┌─ TASK MATERIAL

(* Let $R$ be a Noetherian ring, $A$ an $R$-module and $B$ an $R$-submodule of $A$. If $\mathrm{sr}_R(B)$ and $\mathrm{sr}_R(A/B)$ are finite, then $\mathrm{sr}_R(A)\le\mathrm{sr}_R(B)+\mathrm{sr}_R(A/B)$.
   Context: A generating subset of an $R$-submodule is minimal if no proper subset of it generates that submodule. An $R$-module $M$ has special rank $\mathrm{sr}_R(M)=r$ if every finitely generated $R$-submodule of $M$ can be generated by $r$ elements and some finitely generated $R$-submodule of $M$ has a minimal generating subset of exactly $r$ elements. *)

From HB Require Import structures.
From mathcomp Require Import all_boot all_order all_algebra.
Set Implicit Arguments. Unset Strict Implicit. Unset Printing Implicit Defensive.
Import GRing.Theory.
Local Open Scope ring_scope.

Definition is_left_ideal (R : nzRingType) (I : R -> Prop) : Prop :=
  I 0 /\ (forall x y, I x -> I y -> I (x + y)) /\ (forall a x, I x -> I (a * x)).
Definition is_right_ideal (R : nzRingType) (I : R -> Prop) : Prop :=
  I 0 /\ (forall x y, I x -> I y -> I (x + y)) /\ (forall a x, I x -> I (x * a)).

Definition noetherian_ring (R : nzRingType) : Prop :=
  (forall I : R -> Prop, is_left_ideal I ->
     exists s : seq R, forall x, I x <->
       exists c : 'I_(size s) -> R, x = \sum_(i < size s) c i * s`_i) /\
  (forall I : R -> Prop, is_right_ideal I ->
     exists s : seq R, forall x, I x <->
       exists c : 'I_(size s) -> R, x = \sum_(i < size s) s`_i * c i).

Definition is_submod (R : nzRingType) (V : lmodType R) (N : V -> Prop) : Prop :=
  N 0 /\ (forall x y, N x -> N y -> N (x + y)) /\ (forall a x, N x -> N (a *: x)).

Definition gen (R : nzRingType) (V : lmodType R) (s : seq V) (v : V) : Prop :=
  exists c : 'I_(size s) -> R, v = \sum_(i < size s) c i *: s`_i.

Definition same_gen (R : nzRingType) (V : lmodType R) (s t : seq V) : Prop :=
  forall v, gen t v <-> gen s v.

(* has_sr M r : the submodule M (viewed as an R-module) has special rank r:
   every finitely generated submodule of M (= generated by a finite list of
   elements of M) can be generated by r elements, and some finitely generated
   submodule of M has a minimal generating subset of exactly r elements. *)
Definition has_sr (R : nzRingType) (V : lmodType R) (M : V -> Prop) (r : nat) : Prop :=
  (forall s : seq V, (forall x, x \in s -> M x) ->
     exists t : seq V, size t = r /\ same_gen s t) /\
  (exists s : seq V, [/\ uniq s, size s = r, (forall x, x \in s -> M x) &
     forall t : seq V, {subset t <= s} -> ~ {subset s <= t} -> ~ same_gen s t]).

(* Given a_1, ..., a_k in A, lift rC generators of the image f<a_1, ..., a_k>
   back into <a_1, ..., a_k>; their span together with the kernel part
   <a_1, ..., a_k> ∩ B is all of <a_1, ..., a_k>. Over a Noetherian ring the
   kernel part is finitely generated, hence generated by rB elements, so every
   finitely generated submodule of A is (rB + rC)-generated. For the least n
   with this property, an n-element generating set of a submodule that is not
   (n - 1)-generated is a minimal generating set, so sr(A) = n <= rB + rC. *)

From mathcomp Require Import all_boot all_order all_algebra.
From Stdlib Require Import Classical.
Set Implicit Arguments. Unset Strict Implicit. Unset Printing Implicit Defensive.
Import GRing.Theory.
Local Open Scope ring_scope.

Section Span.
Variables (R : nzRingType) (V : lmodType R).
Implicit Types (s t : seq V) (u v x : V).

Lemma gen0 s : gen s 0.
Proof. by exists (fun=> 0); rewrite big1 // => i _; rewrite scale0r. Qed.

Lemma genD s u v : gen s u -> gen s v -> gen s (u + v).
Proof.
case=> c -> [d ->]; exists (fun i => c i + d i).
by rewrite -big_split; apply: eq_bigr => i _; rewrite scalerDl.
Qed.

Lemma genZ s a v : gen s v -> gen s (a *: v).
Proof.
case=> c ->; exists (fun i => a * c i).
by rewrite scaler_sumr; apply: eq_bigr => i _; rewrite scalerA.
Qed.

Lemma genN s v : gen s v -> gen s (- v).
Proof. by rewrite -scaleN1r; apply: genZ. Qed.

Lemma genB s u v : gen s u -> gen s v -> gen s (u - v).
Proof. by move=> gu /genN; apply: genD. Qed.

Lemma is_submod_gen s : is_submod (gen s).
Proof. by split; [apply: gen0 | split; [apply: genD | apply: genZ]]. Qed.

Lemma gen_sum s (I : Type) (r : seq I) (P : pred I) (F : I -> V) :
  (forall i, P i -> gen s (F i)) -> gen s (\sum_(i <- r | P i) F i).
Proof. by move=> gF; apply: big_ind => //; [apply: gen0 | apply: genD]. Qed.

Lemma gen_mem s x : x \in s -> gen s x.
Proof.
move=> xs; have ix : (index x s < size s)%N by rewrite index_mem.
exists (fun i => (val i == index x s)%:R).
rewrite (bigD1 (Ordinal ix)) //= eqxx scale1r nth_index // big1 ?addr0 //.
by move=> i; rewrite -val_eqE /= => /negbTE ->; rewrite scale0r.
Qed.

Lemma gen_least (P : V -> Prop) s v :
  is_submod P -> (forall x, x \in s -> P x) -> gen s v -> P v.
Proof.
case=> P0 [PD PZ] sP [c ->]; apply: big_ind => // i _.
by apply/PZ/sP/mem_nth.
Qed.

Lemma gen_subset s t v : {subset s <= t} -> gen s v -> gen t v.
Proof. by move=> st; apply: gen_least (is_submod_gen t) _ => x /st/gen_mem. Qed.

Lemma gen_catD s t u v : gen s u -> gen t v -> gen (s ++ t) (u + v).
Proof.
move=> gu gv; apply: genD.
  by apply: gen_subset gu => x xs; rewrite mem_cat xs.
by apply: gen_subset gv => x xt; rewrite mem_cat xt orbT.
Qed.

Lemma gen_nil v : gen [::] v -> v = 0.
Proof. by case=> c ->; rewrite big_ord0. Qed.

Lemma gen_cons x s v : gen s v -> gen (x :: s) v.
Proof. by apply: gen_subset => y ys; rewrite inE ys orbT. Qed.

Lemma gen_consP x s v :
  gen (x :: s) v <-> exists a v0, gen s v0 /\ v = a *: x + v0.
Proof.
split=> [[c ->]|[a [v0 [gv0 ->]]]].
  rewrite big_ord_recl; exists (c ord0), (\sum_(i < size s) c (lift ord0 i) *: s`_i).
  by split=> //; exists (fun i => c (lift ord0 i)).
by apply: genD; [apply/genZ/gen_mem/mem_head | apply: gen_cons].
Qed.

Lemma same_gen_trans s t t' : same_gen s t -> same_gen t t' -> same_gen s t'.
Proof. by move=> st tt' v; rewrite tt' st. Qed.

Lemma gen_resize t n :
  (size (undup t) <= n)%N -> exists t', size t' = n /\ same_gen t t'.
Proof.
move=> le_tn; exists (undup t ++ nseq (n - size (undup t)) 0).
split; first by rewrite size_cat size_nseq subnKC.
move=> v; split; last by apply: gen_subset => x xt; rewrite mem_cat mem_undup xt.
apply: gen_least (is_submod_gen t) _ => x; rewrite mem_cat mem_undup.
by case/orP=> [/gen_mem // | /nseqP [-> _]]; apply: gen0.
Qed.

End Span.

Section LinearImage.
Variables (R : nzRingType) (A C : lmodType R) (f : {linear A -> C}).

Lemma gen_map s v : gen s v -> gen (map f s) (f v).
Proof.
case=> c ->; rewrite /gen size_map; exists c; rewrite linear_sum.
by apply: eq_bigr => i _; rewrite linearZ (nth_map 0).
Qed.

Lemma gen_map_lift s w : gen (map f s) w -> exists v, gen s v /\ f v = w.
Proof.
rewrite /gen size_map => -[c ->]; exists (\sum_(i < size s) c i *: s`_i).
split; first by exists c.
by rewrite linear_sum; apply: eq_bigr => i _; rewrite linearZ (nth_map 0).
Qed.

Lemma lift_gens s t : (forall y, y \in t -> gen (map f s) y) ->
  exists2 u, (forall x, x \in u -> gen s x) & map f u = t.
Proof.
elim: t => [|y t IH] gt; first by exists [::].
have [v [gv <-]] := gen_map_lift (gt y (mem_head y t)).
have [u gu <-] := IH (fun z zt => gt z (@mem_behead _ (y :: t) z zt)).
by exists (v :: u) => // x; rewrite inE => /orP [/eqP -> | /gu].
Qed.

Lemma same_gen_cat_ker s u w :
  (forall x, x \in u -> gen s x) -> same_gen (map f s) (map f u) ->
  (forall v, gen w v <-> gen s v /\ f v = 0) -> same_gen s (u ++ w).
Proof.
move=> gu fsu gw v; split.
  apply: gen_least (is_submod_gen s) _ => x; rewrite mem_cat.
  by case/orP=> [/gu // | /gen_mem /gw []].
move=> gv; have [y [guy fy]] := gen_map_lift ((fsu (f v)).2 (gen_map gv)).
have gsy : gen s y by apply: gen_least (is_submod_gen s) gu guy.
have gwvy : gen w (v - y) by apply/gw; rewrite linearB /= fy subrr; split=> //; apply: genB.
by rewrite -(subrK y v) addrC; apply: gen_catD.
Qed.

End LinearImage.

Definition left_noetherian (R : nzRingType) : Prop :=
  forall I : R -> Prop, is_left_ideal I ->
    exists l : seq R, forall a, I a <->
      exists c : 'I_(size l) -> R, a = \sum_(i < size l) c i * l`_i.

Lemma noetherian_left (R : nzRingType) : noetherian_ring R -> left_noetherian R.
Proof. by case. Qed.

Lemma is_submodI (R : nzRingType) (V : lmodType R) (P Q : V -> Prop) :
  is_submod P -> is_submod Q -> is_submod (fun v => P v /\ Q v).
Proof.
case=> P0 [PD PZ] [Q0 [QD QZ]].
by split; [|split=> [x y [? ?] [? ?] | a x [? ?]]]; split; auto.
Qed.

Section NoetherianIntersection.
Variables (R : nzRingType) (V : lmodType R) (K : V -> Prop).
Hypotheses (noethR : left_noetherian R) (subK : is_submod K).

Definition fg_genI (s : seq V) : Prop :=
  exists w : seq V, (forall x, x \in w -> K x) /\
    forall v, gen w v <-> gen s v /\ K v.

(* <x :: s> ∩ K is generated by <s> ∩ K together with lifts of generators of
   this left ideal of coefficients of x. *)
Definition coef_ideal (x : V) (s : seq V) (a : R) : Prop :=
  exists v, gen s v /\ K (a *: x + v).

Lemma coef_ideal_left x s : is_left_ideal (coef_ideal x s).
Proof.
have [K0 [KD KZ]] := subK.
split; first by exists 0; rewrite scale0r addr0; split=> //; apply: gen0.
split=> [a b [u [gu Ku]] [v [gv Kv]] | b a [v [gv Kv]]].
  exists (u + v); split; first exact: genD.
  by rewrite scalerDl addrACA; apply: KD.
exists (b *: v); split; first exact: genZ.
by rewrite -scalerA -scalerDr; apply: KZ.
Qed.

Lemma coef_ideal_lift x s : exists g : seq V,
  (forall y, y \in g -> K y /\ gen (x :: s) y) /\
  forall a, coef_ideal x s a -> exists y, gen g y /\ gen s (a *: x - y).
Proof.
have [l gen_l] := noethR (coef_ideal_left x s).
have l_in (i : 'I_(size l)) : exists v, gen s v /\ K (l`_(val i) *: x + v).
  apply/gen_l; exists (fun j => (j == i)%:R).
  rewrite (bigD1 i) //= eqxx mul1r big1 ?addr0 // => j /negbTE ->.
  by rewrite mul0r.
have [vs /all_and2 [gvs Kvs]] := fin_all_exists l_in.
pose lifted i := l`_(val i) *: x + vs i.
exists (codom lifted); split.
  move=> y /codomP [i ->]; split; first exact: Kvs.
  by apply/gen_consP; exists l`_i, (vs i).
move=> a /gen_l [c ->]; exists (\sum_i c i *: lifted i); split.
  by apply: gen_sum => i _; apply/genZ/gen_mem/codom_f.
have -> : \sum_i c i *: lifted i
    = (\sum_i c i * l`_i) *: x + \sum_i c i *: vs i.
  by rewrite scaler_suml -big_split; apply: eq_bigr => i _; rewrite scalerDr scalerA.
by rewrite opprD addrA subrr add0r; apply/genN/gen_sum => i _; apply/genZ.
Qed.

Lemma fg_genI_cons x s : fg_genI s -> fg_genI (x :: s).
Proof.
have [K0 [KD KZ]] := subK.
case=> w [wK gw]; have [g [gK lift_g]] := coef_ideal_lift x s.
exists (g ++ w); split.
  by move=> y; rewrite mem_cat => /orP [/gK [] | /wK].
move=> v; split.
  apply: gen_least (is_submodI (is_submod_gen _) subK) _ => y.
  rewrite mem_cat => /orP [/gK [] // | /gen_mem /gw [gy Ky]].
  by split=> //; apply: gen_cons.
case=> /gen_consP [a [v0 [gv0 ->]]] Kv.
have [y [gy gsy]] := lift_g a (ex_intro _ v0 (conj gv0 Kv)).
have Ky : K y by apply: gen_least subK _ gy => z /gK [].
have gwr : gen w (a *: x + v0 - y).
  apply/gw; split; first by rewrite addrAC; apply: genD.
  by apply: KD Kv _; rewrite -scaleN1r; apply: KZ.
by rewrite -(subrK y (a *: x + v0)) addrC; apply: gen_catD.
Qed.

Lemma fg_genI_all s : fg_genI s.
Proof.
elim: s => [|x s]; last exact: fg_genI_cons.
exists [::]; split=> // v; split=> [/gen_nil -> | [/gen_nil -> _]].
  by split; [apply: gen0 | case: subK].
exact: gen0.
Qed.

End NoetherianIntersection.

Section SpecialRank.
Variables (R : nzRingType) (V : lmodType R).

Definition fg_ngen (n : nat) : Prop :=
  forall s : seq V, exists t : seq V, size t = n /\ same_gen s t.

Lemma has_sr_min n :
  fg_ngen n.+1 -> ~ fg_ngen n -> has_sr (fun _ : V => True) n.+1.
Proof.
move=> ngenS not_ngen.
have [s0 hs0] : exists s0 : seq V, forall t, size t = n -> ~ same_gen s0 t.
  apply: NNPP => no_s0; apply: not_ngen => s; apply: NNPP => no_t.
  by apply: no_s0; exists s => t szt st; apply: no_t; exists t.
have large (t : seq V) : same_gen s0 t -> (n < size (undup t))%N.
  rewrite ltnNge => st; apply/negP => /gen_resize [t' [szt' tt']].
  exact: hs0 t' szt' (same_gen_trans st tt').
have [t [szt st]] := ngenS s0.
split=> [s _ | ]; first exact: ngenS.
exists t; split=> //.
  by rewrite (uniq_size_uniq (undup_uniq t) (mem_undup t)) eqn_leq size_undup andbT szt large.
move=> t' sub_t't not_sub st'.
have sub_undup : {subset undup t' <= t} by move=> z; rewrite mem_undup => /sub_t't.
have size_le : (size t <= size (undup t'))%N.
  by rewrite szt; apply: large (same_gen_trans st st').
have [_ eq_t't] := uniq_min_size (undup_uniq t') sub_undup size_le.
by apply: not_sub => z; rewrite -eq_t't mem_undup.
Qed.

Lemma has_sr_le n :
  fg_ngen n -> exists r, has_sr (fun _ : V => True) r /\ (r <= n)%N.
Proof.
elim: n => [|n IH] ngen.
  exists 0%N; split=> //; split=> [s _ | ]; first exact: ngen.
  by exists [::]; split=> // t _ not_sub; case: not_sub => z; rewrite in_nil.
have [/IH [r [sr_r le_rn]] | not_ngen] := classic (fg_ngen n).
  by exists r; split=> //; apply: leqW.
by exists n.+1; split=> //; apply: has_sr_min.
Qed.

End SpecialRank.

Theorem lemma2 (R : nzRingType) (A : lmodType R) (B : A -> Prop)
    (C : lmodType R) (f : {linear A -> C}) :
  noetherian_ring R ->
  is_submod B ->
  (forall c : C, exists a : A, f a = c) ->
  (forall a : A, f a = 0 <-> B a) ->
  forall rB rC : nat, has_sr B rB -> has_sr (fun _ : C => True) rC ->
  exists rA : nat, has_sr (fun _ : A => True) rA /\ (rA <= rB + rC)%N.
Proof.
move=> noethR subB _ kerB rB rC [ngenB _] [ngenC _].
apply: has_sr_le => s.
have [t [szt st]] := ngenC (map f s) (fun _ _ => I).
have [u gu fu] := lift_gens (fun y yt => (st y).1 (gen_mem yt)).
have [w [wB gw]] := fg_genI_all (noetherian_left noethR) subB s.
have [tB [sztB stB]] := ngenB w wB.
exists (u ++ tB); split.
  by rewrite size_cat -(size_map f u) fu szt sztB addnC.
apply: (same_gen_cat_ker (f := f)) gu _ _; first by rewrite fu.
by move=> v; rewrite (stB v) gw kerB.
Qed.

└─

- [HOW TO COMPLETE THIS TASK]: In the listing above, find the line with "by apply: no_s0;" and the line with "by rewrite size_cat -(size_map", then print exactly those lines and every line between them.

- [TASK OUTPUT]:
  by apply: no_s0; exists s => t szt st; apply: no_t; exists t.
have large (t : seq V) : same_gen s0 t -> (n < size (undup t))%N.
  rewrite ltnNge => st; apply/negP => /gen_resize [t' [szt' tt']].
  exact: hs0 t' szt' (same_gen_trans st tt').
have [t [szt st]] := ngenS s0.
split=> [s _ | ]; first exact: ngenS.
exists t; split=> //.
  by rewrite (uniq_size_uniq (undup_uniq t) (mem_undup t)) eqn_leq size_undup andbT szt large.
move=> t' sub_t't not_sub st'.
have sub_undup : {subset undup t' <= t} by move=> z; rewrite mem_undup => /sub_t't.
have size_le : (size t <= size (undup t'))%N.
  by rewrite szt; apply: large (same_gen_trans st st').
have [_ eq_t't] := uniq_min_size (undup_uniq t') sub_undup size_le.
by apply: not_sub => z; rewrite -eq_t't mem_undup.
Qed.

Lemma has_sr_le n :
  fg_ngen n -> exists r, has_sr (fun _ : V => True) r /\ (r <= n)%N.
Proof.
elim: n => [|n IH] ngen.
  exists 0%N; split=> //; split=> [s _ | ]; first exact: ngen.
  by exists [::]; split=> // t _ not_sub; case: not_sub => z; rewrite in_nil.
have [/IH [r [sr_r le_rn]] | not_ngen] := classic (fg_ngen n).
  by exists r; split=> //; apply: leqW.
by exists n.+1; split=> //; apply: has_sr_min.
Qed.

End SpecialRank.

Theorem lemma2 (R : nzRingType) (A : lmodType R) (B : A -> Prop)
    (C : lmodType R) (f : {linear A -> C}) :
  noetherian_ring R ->
  is_submod B ->
  (forall c : C, exists a : A, f a = c) ->
  (forall a : A, f a = 0 <-> B a) ->
  forall rB rC : nat, has_sr B rB -> has_sr (fun _ : C => True) rC ->
  exists rA : nat, has_sr (fun _ : A => True) rA /\ (rA <= rB + rC)%N.
Proof.
move=> noethR subB _ kerB rB rC [ngenB _] [ngenC _].
apply: has_sr_le => s.
have [t [szt st]] := ngenC (map f s) (fun _ _ => I).
have [u gu fu] := lift_gens (fun y yt => (st y).1 (gen_mem yt)).
have [w [wB gw]] := fg_genI_all (noetherian_left noethR) subB s.
have [tB [sztB stB]] := ngenB w wB.
exists (u ++ tB); split.
  by rewrite size_cat -(size_map f u) fu szt sztB addnC.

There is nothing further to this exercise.